Return the count of lines in the following records that include "Import", and nothing more.

• **DATA PROVIDED**

——————————

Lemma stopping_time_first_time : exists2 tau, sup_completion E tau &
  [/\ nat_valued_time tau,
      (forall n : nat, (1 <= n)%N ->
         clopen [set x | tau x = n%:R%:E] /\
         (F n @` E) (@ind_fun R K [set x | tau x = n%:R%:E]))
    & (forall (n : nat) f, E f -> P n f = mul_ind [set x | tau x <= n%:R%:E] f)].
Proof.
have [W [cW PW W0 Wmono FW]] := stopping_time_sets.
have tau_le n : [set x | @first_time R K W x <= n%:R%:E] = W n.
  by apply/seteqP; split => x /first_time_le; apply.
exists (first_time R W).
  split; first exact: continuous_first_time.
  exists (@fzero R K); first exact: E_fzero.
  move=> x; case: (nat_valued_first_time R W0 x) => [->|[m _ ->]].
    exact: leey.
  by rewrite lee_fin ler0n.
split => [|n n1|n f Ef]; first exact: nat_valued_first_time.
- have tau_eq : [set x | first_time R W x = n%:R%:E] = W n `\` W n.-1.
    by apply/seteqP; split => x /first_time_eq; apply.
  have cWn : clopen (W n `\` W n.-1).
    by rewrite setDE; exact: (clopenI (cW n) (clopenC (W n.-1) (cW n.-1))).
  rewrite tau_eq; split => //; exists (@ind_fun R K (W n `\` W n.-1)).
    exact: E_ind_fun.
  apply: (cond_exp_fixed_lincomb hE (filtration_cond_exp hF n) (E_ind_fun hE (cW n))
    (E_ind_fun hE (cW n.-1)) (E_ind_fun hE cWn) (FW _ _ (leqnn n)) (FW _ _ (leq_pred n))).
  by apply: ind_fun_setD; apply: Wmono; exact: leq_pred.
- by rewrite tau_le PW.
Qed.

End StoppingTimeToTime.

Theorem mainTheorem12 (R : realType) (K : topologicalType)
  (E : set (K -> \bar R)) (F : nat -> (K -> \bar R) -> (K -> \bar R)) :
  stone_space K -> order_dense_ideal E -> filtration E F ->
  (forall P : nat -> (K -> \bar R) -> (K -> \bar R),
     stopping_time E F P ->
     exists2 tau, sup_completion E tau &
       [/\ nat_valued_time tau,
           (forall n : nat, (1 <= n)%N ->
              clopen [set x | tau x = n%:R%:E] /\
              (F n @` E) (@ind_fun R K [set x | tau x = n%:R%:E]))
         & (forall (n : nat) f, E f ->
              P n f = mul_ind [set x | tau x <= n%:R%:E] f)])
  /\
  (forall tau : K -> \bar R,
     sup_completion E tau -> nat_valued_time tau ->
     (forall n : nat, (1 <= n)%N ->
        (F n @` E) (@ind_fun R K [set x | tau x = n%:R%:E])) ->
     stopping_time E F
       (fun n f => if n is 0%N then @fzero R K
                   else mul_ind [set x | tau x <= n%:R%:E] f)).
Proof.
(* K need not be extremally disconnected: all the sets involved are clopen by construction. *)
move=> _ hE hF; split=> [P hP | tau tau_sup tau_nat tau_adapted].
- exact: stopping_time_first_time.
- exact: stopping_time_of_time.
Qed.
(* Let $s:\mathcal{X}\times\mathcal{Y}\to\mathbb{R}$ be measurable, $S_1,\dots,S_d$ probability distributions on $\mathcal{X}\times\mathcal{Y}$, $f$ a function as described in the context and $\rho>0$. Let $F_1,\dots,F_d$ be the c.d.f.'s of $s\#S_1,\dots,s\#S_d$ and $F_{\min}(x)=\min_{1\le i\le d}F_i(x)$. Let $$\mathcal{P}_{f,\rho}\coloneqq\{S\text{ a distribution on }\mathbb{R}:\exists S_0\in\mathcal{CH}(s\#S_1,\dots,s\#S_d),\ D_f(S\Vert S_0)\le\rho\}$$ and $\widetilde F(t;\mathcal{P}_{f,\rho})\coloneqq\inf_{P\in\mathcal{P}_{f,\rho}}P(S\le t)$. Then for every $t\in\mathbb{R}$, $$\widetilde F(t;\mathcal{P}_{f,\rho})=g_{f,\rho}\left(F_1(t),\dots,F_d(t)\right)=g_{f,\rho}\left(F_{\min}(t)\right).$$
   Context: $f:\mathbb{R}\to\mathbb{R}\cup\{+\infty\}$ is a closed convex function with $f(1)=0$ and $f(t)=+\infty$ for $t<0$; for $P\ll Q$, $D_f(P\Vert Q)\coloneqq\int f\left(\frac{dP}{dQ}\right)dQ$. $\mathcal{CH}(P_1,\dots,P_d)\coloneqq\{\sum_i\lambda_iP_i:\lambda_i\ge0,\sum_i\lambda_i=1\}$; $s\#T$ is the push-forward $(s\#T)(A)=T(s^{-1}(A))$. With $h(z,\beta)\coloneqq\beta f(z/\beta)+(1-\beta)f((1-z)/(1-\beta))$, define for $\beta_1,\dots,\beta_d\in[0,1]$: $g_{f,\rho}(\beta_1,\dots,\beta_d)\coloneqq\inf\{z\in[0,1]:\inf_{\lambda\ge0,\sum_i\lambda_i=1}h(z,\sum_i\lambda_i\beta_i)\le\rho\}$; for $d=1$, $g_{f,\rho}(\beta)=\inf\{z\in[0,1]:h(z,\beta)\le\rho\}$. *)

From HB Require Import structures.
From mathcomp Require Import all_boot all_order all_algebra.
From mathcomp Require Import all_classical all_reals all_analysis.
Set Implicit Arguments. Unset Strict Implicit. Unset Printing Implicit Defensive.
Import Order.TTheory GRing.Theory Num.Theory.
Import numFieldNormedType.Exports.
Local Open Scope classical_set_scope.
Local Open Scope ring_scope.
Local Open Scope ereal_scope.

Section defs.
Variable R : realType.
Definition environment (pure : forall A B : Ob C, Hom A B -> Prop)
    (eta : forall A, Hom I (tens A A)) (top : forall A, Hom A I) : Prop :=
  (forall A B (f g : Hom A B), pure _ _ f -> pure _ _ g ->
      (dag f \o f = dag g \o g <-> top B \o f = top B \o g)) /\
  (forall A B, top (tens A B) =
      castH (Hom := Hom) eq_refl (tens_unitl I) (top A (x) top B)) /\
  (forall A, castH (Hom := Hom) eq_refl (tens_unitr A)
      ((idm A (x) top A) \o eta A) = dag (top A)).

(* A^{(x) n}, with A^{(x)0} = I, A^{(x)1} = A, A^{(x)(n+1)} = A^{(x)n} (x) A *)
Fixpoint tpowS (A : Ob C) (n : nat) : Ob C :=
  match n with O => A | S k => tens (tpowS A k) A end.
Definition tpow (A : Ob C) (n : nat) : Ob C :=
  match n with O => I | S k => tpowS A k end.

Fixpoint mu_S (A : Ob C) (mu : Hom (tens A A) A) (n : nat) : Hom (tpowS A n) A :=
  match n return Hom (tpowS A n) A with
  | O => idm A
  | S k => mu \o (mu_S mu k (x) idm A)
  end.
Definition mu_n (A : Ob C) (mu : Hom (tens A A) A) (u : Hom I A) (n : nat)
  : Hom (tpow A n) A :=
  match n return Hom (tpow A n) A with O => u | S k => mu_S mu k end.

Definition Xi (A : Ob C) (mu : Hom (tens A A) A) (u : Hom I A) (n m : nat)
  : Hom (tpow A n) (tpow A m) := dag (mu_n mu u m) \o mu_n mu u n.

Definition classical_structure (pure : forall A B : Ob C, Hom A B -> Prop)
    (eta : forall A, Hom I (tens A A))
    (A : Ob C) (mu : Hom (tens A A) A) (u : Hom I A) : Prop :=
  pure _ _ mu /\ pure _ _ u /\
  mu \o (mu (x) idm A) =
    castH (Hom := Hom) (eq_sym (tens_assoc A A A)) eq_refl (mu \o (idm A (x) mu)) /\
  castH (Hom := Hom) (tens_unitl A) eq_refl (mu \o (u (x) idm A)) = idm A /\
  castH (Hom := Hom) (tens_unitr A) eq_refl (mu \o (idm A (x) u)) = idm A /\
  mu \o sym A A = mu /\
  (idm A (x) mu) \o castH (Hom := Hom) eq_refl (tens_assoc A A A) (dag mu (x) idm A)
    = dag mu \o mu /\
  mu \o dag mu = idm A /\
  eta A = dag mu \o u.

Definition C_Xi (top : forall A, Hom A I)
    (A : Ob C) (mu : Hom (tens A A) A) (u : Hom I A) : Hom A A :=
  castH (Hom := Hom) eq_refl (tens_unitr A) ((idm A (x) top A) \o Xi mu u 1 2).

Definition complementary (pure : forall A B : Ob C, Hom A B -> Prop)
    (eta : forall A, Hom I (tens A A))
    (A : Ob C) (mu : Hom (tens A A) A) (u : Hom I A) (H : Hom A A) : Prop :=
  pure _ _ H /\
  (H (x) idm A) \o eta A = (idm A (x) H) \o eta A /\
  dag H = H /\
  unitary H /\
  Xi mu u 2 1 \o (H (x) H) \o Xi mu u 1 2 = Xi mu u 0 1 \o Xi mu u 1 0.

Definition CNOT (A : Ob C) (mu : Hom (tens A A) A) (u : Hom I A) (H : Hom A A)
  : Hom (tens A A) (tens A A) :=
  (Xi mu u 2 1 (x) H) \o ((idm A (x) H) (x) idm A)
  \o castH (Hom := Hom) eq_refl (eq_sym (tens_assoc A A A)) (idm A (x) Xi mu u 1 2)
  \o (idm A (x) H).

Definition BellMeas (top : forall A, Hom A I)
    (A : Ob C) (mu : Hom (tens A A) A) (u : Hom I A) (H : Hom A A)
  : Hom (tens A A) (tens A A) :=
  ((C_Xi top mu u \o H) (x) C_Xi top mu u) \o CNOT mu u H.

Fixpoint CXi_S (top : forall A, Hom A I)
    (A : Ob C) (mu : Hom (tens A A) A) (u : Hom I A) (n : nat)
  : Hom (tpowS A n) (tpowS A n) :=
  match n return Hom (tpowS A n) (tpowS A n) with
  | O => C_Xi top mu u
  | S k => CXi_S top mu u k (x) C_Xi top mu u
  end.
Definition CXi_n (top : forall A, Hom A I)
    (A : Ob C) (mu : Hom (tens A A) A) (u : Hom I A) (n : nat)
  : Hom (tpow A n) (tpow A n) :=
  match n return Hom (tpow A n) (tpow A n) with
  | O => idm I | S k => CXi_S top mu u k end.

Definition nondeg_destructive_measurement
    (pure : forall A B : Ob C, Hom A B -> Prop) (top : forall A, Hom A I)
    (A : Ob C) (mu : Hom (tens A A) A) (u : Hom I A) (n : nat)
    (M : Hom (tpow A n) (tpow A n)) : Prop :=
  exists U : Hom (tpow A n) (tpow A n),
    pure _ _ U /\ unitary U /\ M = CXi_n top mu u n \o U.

——————————

• **YOUR SOLUTION**
5